To ensure that Ceph startup in the correct order you should do the following steps.

cp /usr/share/doc/pve-manager/examples/ceph.service /etc/systemd/system/ceph.service
systemctl daemon-reload
systemctl enable ceph.service

The first daemon which we start is the Monitor, but from now on we use systemd.

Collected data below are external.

(* Let $(S,\mathfrak{n})$ be a Noetherian local ring and $I$ an ideal of $S$. The following are equivalent: (1) $I$ is strongly Lech-independent. (2) For every minimal generating sequence $x_1,\dots,x_r$ of $I$ there is a standard set $\Gamma$ of monomials in $P=k[T_1,\dots,T_r]$ such that for every $i\ge0$, $I^i/I^{i+1}$ is free over $S/I$ with basis the classes of $u(x)$, $u\in\Gamma_i$. (3) For every minimal generating sequence $x_1,\dots,x_r$ of $I$ there is a standard set $\Gamma$ such that for every $i\ge0$, $x_1,\dots,x_r$ is $\Gamma$-expandable from degree $i$ to $i+1$. (4) For every minimal generating sequence $x_1,\dots,x_r$ of $I$ there is a standard set $\Gamma$ such that for all $0\le i<j$, $x_1,\dots,x_r$ is $\Gamma$-expandable from degree $i$ to $j$. If moreover $S$ is complete, these are also equivalent to: (5) For every minimal generating sequence $x_1,\dots,x_r$ of $I$ there is a standard set $\Gamma$ such that for every $i\ge0$, $x_1,\dots,x_r$ is $\Gamma$-expandable from degree $i$ to $\infty$.
   Context: $I$ is strongly Lech-independent if $I^i/I^{i+1}$ is free over $S/I$ for all $i$. A standard set is a set of monomials closed under taking divisors; $\Gamma_i$ is the set of its monomials of degree $i$. For $u=T_1^{a_1}\cdots T_r^{a_r}$, $u(x)=x_1^{a_1}\cdots x_r^{a_r}$. A lifting is a map $\sigma:S/I\to S$ with $\sigma(0)=0$ and $\pi\circ\sigma=\mathrm{id}_{S/I}$. For $0\le i<j<\infty$, $x_1,\dots,x_r$ is $\Gamma$-expandable from degree $i$ to $j$ if for every lifting $\sigma$, every $f\in I^i$ has a unique representation $f\equiv\sum_{u\in\Gamma_k,\,i\le k\le j-1}f_uu(x)\pmod{I^j}$ with all $f_u\in\sigma(S/I)$; for $S$ complete, $\Gamma$-expandable from degree $i$ to $\infty$ means every $f\in I^i$ has, for every lifting $\sigma$, a unique representation $f=\sum_{u\in\Gamma_k,\,k\ge i}f_uu(x)$ (convergent sum) with all $f_u\in\sigma(S/I)$. *)

From HB Require Import structures.
From mathcomp Require Import all_boot all_algebra.
Set Implicit Arguments. Unset Strict Implicit. Unset Printing Implicit Defensive.
Import GRing.Theory.
Local Open Scope ring_scope.

Section Defs.
Variable S : comNzRingType.

Definition is_ideal (I : S -> Prop) : Prop :=
  [/\ I 0, (forall a b, I a -> I b -> I (a + b)) & (forall c a, I a -> I (c * a))].

Definition span (P : S -> Prop) (f : S) : Prop :=
  exists (m : nat) (c g : 'I_m -> S),
    (forall k, P (g k)) /\ f = \sum_(k < m) c k * g k.

Fixpoint ideal_pow (I : S -> Prop) (i : nat) : S -> Prop :=
  match i with
  | 0 => fun _ => True
  | i'.+1 => span (fun z => exists a b, [/\ ideal_pow I i' a, I b & z = a * b])
  end.

Definition gen_by (r : nat) (x : 'I_r -> S) (f : S) : Prop :=
  exists c : 'I_r -> S, f = \sum_(k < r) c k * x k.

Definition generates (I : S -> Prop) (r : nat) (x : 'I_r -> S) : Prop :=
  forall f, I f <-> gen_by x f.

Definition min_gen_seq (I : S -> Prop) (r : nat) (x : 'I_r -> S) : Prop :=
  generates I x /\ forall (r' : nat) (x' : 'I_r' -> S), generates I x' -> (r <= r')%N.

Definition noetherian : Prop :=
  forall J : S -> Prop, is_ideal J -> exists (r : nat) (x : 'I_r -> S), generates J x.

Definition maximal_ideal (m : S -> Prop) : Prop :=
  [/\ is_ideal m, ~ m 1 &
      forall J, is_ideal J -> (forall a, m a -> J a) -> (forall a, J a <-> m a) \/ J 1].

Definition local_ring (n : S -> Prop) : Prop :=
  maximal_ideal n /\ forall m, maximal_ideal m -> forall a, m a <-> n a.

Definition adic_cauchy (n : S -> Prop) (a : nat -> S) : Prop :=
  forall k, exists N, forall p q, (N <= p)%N -> (N <= q)%N -> ideal_pow n k (a p - a q).

Definition adic_limit (n : S -> Prop) (a : nat -> S) (l : S) : Prop :=
  forall k, exists N, forall p, (N <= p)%N -> ideal_pow n k (a p - l).

Definition complete (n : S -> Prop) : Prop :=
  forall a, adic_cauchy n a -> exists l, adic_limit n a l.

(* the classes of e j (j in A) form a basis of the S/I-module I^i/I^(i+1) *)
Definition quot_basis (I : S -> Prop) (i : nat) (J : eqType) (A : pred J) (e : J -> S)
  : Prop :=
  [/\ forall j, A j -> ideal_pow I i (e j),
      forall f, ideal_pow I i f ->
        exists (s : seq J) (c : J -> S),
          all A s /\ ideal_pow I i.+1 (f - \sum_(j <- s) c j * e j) &
      forall (s : seq J) (c : J -> S), uniq s -> all A s ->
        ideal_pow I i.+1 (\sum_(j <- s) c j * e j) -> forall j, j \in s -> I (c j)].

Definition quot_free (I : S -> Prop) (i : nat) : Prop :=
  exists (J : eqType) (e : J -> S), quot_basis I i (@predT J) e.

Definition strongly_Lech_independent (I : S -> Prop) : Prop :=
  forall i, quot_free I i.

(* monomials of k[T_1..T_r] are identified with exponent vectors *)
Definition mon (r : nat) := {ffun 'I_r -> nat}.

Definition mdeg (r : nat) (u : mon r) : nat := (\sum_(k < r) u k)%N.

Definition monx (r : nat) (x : 'I_r -> S) (u : mon r) : S := \prod_(k < r) x k ^+ u k.

Definition standard_set (r : nat) (G : pred (mon r)) : Prop :=
  forall u v : mon r, (forall k, (v k <= u k)%N) -> G u -> G v.

(* all monomials with every exponent < j (contains all monomials of degree < j) *)
Definition mons_below (r j : nat) : seq (mon r) :=
  [seq [ffun k => nat_of_ord (v k)] | v : {ffun 'I_r -> 'I_j} <- enum {ffun 'I_r -> 'I_j}].

Definition trunc_sum (r : nat) (x : 'I_r -> S) (G : pred (mon r)) (i j : nat)
  (c : mon r -> S) : S :=
  \sum_(u <- mons_below r j | G u && (i <= mdeg u < j)%N) c u * monx x u.

(* L is the image sigma(S/I) of a lifting sigma : S/I -> S with sigma(0) = 0,
   pi o sigma = id; equivalently, a set of representatives of S/I (exactly one
   element in each coset of I) containing 0. *)
Definition lifting_image (I : S -> Prop) (L : S -> Prop) : Prop :=
  L 0 /\ forall a, exists b, [/\ L b, I (a - b) & forall b', L b' -> I (a - b') -> b' = b].

Definition coefs_in (r : nat) (G : pred (mon r)) (L : S -> Prop) (i j : nat)
  (c : mon r -> S) : Prop :=
  forall u, G u -> (i <= mdeg u < j)%N -> L (c u).

Definition expandable (I : S -> Prop) (r : nat) (x : 'I_r -> S) (G : pred (mon r))
  (i j : nat) : Prop :=
  forall L, lifting_image I L -> forall f, ideal_pow I i f ->
    (exists c, coefs_in G L i j c /\ ideal_pow I j (f - trunc_sum x G i j c)) /\
    (forall c c', coefs_in G L i j c -> coefs_in G L i j c' ->
       ideal_pow I j (f - trunc_sum x G i j c) ->
       ideal_pow I j (f - trunc_sum x G i j c') ->
       forall u, G u -> (i <= mdeg u < j)%N -> c u = c' u).

Definition series_rep (I : S -> Prop) (r : nat) (x : 'I_r -> S) (G : pred (mon r))
  (i : nat) (c : mon r -> S) (f : S) : Prop :=
  adic_limit I (fun N => trunc_sum x G i N c) f.

Definition expandable_inf (I : S -> Prop) (r : nat) (x : 'I_r -> S) (G : pred (mon r))
  (i : nat) : Prop :=
  forall L, lifting_image I L -> forall f, ideal_pow I i f ->
    (exists c, (forall u, G u -> (i <= mdeg u)%N -> L (c u)) /\ series_rep I x G i c f) /\
    (forall c c', (forall u, G u -> (i <= mdeg u)%N -> L (c u)) ->
       (forall u, G u -> (i <= mdeg u)%N -> L (c' u)) ->
       series_rep I x G i c f -> series_rep I x G i c' f ->
       forall u, G u -> (i <= mdeg u)%N -> c u = c' u).

Definition cond2 (I : S -> Prop) : Prop :=
  forall (r : nat) (x : 'I_r -> S), min_gen_seq I x ->
    exists G : pred (mon r), standard_set G /\
      forall i, quot_basis I i [pred u | G u && (mdeg u == i)] (monx x).

Definition cond3 (I : S -> Prop) : Prop :=
  forall (r : nat) (x : 'I_r -> S), min_gen_seq I x ->
    exists G : pred (mon r), standard_set G /\ forall i, expandable I x G i i.+1.

Definition cond4 (I : S -> Prop) : Prop :=
  forall (r : nat) (x : 'I_r -> S), min_gen_seq I x ->
    exists G : pred (mon r), standard_set G /\
      forall i j, (i < j)%N -> expandable I x G i j.

Definition cond5 (I : S -> Prop) : Prop :=
  forall (r : nat) (x : 'I_r -> S), min_gen_seq I x ->
    exists G : pred (mon r), standard_set G /\ forall i, expandable_inf I x G i.

End Defs.

(* The substance is (1) => (2). For a generating sequence x of I call a
   monomial u of degree d redundant when u(x) is, modulo n I^d + I^(d+1), a
   combination of lexicographically smaller monomials of degree d; redundancy
   is stable under multiplication, so the other monomials form a standard set
   Gamma. By lexicographic induction and Nakayama the u(x), u in Gamma_d,
   generate I^d/I^(d+1); a relation among them with a unit coefficient at its
   lexicographically largest term would make that monomial redundant, so they
   are independent modulo n. Passing to a basis of the free module
   I^d/I^(d+1) and back is then the identity modulo n, hence invertible, and
   transports the independence of the basis to the u(x). The remaining
   implications are bookkeeping with truncated expansions: a basis in degree i
   amounts to unique expansions from degree i to i+1, these compose along the
   degrees, and compatible finite expansions assemble into a convergent series.
   Noetherianity provides maximal ideals above proper ideals (so non-units lie
   in n) and minimal generating sequences. *)

From mathcomp Require Import all_boot all_algebra ring zify.
From Stdlib Require Import Classical ClassicalEpsilon FunctionalExtensionality PropExtensionality.
Set Implicit Arguments. Unset Strict Implicit. Unset Printing Implicit Defensive.
Import GRing.Theory.
Local Open Scope ring_scope.

Section Ideals.
Variable S : comNzRingType.
Implicit Types (I Z P Q : S -> Prop) (a b c f y : S).

Lemma ideal0 I : is_ideal I -> I 0. Proof. by case. Qed.

Lemma idealD I a b : is_ideal I -> I a -> I b -> I (a + b).
Proof. by case=> _ hD _; apply: hD. Qed.

Lemma idealMl I c a : is_ideal I -> I a -> I (c * a).
Proof. by case=> _ _ hM; apply: hM. Qed.

Lemma idealMr I c a : is_ideal I -> I a -> I (a * c).
Proof. by move=> hI ha; rewrite mulrC; apply: idealMl. Qed.

Lemma idealN I a : is_ideal I -> I a -> I (- a).
Proof. by move=> hI ha; rewrite -mulN1r; apply: idealMl. Qed.

Lemma idealB I a b : is_ideal I -> I a -> I b -> I (a - b).
Proof. by move=> hI ha hb; apply: idealD => //; apply: idealN. Qed.

Lemma ideal_subC I a b : is_ideal I -> I (a - b) -> I (b - a).
Proof. by move=> hI hab; rewrite -opprB; apply: idealN. Qed.

Lemma ideal_subK I a b : is_ideal I -> I (a - b) -> I b -> I a.
Proof. by move=> hI hab hb; rewrite -(subrK b a); apply: idealD. Qed.

Lemma ideal_sum I (T : Type) (s : seq T) (p : pred T) (F : T -> S) :
  is_ideal I -> (forall j, p j -> I (F j)) -> I (\sum_(j <- s | p j) F j).
Proof.
move=> hI hF; elim/big_rec: _ => [|j y pj hy]; first exact: ideal0.
by apply: idealD => //; apply: hF.
Qed.

Lemma ideal_sum_seq I (T : eqType) (s : seq T) (F : T -> S) :
  is_ideal I -> (forall j, j \in s -> I (F j)) -> I (\sum_(j <- s) F j).
Proof. by move=> hI hF; rewrite big_seq; apply: ideal_sum. Qed.

Lemma span_mem P y : P y -> span P y.
Proof.
by move=> hy; exists 1%N, (fun _ => 1), (fun _ => y); rewrite big_ord1 mul1r.
Qed.

Lemma span_ideal P : is_ideal (span P).
Proof.
split.
- by exists 0%N, (fun _ => 0), (fun _ => 0); rewrite big_ord0; split=> [[]|].
- move=> _ _ [m [c [g [hg ->]]]] [m' [c' [g' [hg' ->]]]].
  pose sp (F : 'I_m -> S) (F' : 'I_m' -> S) (k : 'I_(m + m')) :=
    match split k with inl i => F i | inr i => F' i end.
  exists (m + m')%N, (sp c c'), (sp g g'); split=> [k|].
    by rewrite /sp; case: (split k).
  rewrite big_split_ord /sp; congr (_ + _); apply: eq_bigr => i _.
    by rewrite (unsplitK (inl _ i)).
  by rewrite (unsplitK (inr _ i)).
- move=> c0 _ [m [c [g [hg ->]]]]; exists m, (fun k => c0 * c k), g; split=> //.
  by rewrite mulr_sumr; apply: eq_bigr => i _; rewrite mulrA.
Qed.

Lemma span_min P Z f : is_ideal Z -> (forall y, P y -> Z y) -> span P f -> Z f.
Proof.
move=> hZ hP [m [c [g [hg ->]]]]; apply: ideal_sum => // k _.
by apply: idealMl => //; apply: hP.
Qed.

Lemma span_sub P Q f : (forall y, P y -> span Q y) -> span P f -> span Q f.
Proof. by move=> h; apply: span_min => //; apply: span_ideal. Qed.

Lemma span_mulr P Q y0 f :
  (forall y, P y -> span Q (y * y0)) -> span P f -> span Q (f * y0).
Proof.
move=> h; apply: (@span_min P (fun f => span Q (f * y0))) => //.
split; first by rewrite mul0r; apply: ideal0; apply: span_ideal.
- by move=> a b ha hb; rewrite mulrDl; apply: idealD => //; apply: span_ideal.
- by move=> c a ha; rewrite -mulrA; apply: idealMl => //; apply: span_ideal.
Qed.

Lemma span_splitU P Q f : span (fun y => P y \/ Q y) f ->
  exists f1 f2, [/\ span P f1, span Q f2 & f = f1 + f2].
Proof.
have hP := @span_ideal P; have hQ := @span_ideal Q.
apply: (@span_min _ (fun f => exists f1 f2, [/\ span P f1, span Q f2 & f = f1 + f2])).
- split.
  + by exists 0, 0; rewrite addr0; split=> //; apply: ideal0.
  + move=> a b [a1 [a2 [h1 h2 ->]]] [b1 [b2 [h3 h4 ->]]].
    by exists (a1 + b1), (a2 + b2); rewrite addrACA; split=> //; apply: idealD.
  + move=> c a [a1 [a2 [h1 h2 ->]]].
    by exists (c * a1), (c * a2); rewrite mulrDr; split=> //; apply: idealMl.
- move=> y [hy|hy].
  + by exists y, 0; rewrite addr0; split; [apply: span_mem | apply: ideal0 |].
  + by exists 0, y; rewrite add0r; split; [apply: ideal0 | apply: span_mem |].
Qed.
(* Per-strategy scaling of payoffs does not in general map coarse correlated equilibria to reciprocally scaled coarse correlated equilibria. Precisely: there exist a finite two-player normal-form game $(G_1,G_2)$ with strategy sets $\mathcal{A}_1,\mathcal{A}_2$, positive functions $s_1:\mathcal{A}_1\to\mathbb{R}_{>0}$, $s_2:\mathcal{A}_2\to\mathbb{R}_{>0}$, and a coarse correlated equilibrium $\sigma$ of $(G_1,G_2)$ such that, with $\hat G_1(a_1,a_2)=s_2(a_2)G_1(a_1,a_2)$, $\hat G_2(a_1,a_2)=s_1(a_1)G_2(a_1,a_2)$ and $\hat\sigma(a_1,a_2)=\frac{\sigma(a_1,a_2)}{Z\,s_1(a_1)s_2(a_2)}$ where $Z=\sum_{a}\frac{\sigma(a)}{s_1(a_1)s_2(a_2)}$, the distribution $\hat\sigma$ is not a coarse correlated equilibrium of $(\hat G_1,\hat G_2)$.
   Context: A joint distribution $\sigma$ on $\mathcal{A}_1\times\mathcal{A}_2$ is a coarse correlated equilibrium (CCE) of $(G_1,G_2)$ if for each player $p\in\{1,2\}$ and each $a'_p\in\mathcal{A}_p$: $\sum_{a}\sigma(a)\big(G_p(a'_p,a_{-p})-G_p(a)\big)\le 0$, where $a_{-p}$ is the other player's strategy. *)

From mathcomp Require Import all_boot all_order all_algebra.
From mathcomp Require Import reals.
Set Implicit Arguments. Unset Strict Implicit. Unset Printing Implicit Defensive.
Import Order.TTheory GRing.Theory Num.Theory.
Local Open Scope ring_scope.

Definition is_distr (R : realType) (T : finType) (sigma : T -> R) : Prop :=
  (forall t, 0 <= sigma t) /\ \sum_(t : T) sigma t = 1.

Definition is_CCE (R : realType) (A1 A2 : finType)
  (G1 G2 : A1 -> A2 -> R) (sigma : A1 * A2 -> R) : Prop :=
  is_distr sigma /\
  (forall a1' : A1,
      \sum_(a : A1 * A2) sigma a * (G1 a1' a.2 - G1 a.1 a.2) <= 0) /\
  (forall a2' : A2,
      \sum_(a : A1 * A2) sigma a * (G2 a.1 a2' - G2 a.1 a.2) <= 0).

From mathcomp Require Import all_boot all_order all_algebra.
From mathcomp Require Import reals.
From mathcomp Require Import ring lra.
Import Order.TTheory GRing.Theory Num.Theory.
Local Open Scope ring_scope.

(* The reweighting preserves correlated equilibria: the constraint for a
   recommended action a2 is merely multiplied by 1 / (Z s2(a2)).  Coarse
   constraints, however, pool all recommendations, so we start from a CCE
   that is not a CE.  Player 1 tosses a fair coin; player 2, paid 1 for
   guessing it, always guesses [false] (right half of the time, like any
   fixed guess) but attaches to the guess a payoff-irrelevant label equal
   to the negated coin.  Giving the label [true] scale 2 halves the
   reweighted mass of the coin [false], so the coin is [true] with
   probability 2/3 and guessing [true] pays. *)

Lemma sumr_pair_support {V : nmodType} {T : finType} (u v : T) (F : T -> V) :
  u != v -> (forall t, t != u -> t != v -> F t = 0) ->
  \sum_t F t = F u + F v.
Proof.
move=> neq_uv F0; rewrite (bigD1 u) //= (bigD1 v) 1?eq_sym //= big1 ?addr0 //.
by move=> t /andP[tu tv]; apply: F0.
Qed.

Section GuessingGame.
Variable R : realType.

Definition guess (a1 : bool) (a2 : bool * bool) : R := (a1 == a2.1)%:R.

Definition label_scale (a2 : bool * bool) : R := if a2.2 then 2 else 1.

Definition bluff (a : bool * (bool * bool)) : R :=
  if a.2 == (false, ~~ a.1) then 2^-1 else 0.

Lemma sum_bluffM (F : bool * (bool * bool) -> R) :
  \sum_a bluff a * F a = (F (true, (false, false)) + F (false, (false, true))) / 2.
Proof.
rewrite (sumr_pair_support (true, (false, false)) (false, (false, true))) //.
  by rewrite /bluff /=; lra.
by move=> [[] [[] []]] //= _ _; rewrite /bluff /= mul0r.
Qed.

Lemma bluff_distr : is_distr bluff.
Proof.
split; first by move=> [[] [[] []]]; rewrite /bluff /=; lra.
under eq_bigr do rewrite -[bluff _]mulr1.
by rewrite sum_bluffM; lra.
Qed.

Lemma bluff_CCE (G1 : bool -> bool * bool -> R) :
  (forall a1 a1' a2, G1 a1' a2 = G1 a1 a2) -> is_CCE G1 guess bluff.
Proof.
move=> G1_indifferent; split; first exact: bluff_distr.
split=> [a1' | [x y]].
  by rewrite big1 // => a _; rewrite (G1_indifferent a.1) subrr mulr0.
by rewrite sum_bluffM /guess /=; case: x => /=; lra.
Qed.

Lemma bluff_normalizer : \sum_a bluff a / label_scale a.2 = 3/4.
Proof. by rewrite sum_bluffM /label_scale /=; lra. Qed.

Lemma reweighted_bluff_guess_true_gain :
  \sum_a bluff a / (3/4 * label_scale a.2) *
    (guess a.1 (true, true) - guess a.1 a.2) = 1/3.
Proof.
under eq_bigr do rewrite -mulrA.
by rewrite sum_bluffM /label_scale /guess /=; field.
Qed.

End GuessingGame.

Theorem mainTheorem2 (R : realType) :
  exists (A1 A2 : finType) (G1 G2 : A1 -> A2 -> R)
         (s1 : A1 -> R) (s2 : A2 -> R) (sigma : A1 * A2 -> R),
    (forall a1, 0 < s1 a1) /\ (forall a2, 0 < s2 a2) /\
    is_CCE G1 G2 sigma /\
    let Z := \sum_(a : A1 * A2) sigma a / (s1 a.1 * s2 a.2) in
    ~ is_CCE (fun a1 a2 => s2 a2 * G1 a1 a2) (fun a1 a2 => s1 a1 * G2 a1 a2)
             (fun a => sigma a / (Z * s1 a.1 * s2 a.2)).
Proof.
exists bool, (bool * bool)%type, (fun _ _ => 0), (@guess R),
  (fun _ => 1), (@label_scale R), (@bluff R).
split; first by move=> _; exact: ltr01.
split; first by move=> [? []]; rewrite /label_scale /=; lra.
split; first by apply: bluff_CCE.
move=> Z [_ [_ /(_ (true, true))]].
have -> : Z = 3/4.
  by rewrite /Z -(bluff_normalizer R); apply: eq_bigr => a _; rewrite mul1r.
apply/negP; rewrite -ltNge.
under eq_bigr do rewrite !mul1r mulr1.
by rewrite reweighted_bluff_guess_true_gain; lra.
Qed.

systemctl start ceph-mon@<MON-ID>.service
systemctl enable ceph-mon@<MON-ID>.service

Then start all OSD's on this node

systemctl start ceph-osd@<OSD-ID>.service

After your node has successful starts the daemons, delete the 'noout' flag. On the GUI or by this command.

ceph osd unset noout

Now check if you Ceph cluster is healthy.

ceph -s

The last thing what have been done is to purge the packet ceph. It is no problem if this packed stays, but then you get every day a error message from logrotate.

apt-get purge ceph
apt-get install  ceph-mon ceph-osd libleveldb1 libsnappy1

if so you can continue.

Upgrade all nodes

Now you must repeat this steps on the other nodes on your cluster, until all nodes are upgraded. Start over with Preparation

Set the tunables

Now you get a warning that you ceph cluster has 'legacy tunables'

ceph osd crush tunables hammer
ceph osd set require_jewel_osds

To get away this warning read carefully the following link and if you decide to set tunables read the text below before you apply this change.

Ceph warning when tunables are non optimal

If you set the tunable and your Ceph cluster is used you should do this when the cluster has the least load. Also try to use the backfill option to do this process slower.

Ceph Backfill

Important Do not set tunable to optimal because then krbd will not work. Set it to hammer it you want to use krbd (needed for containers)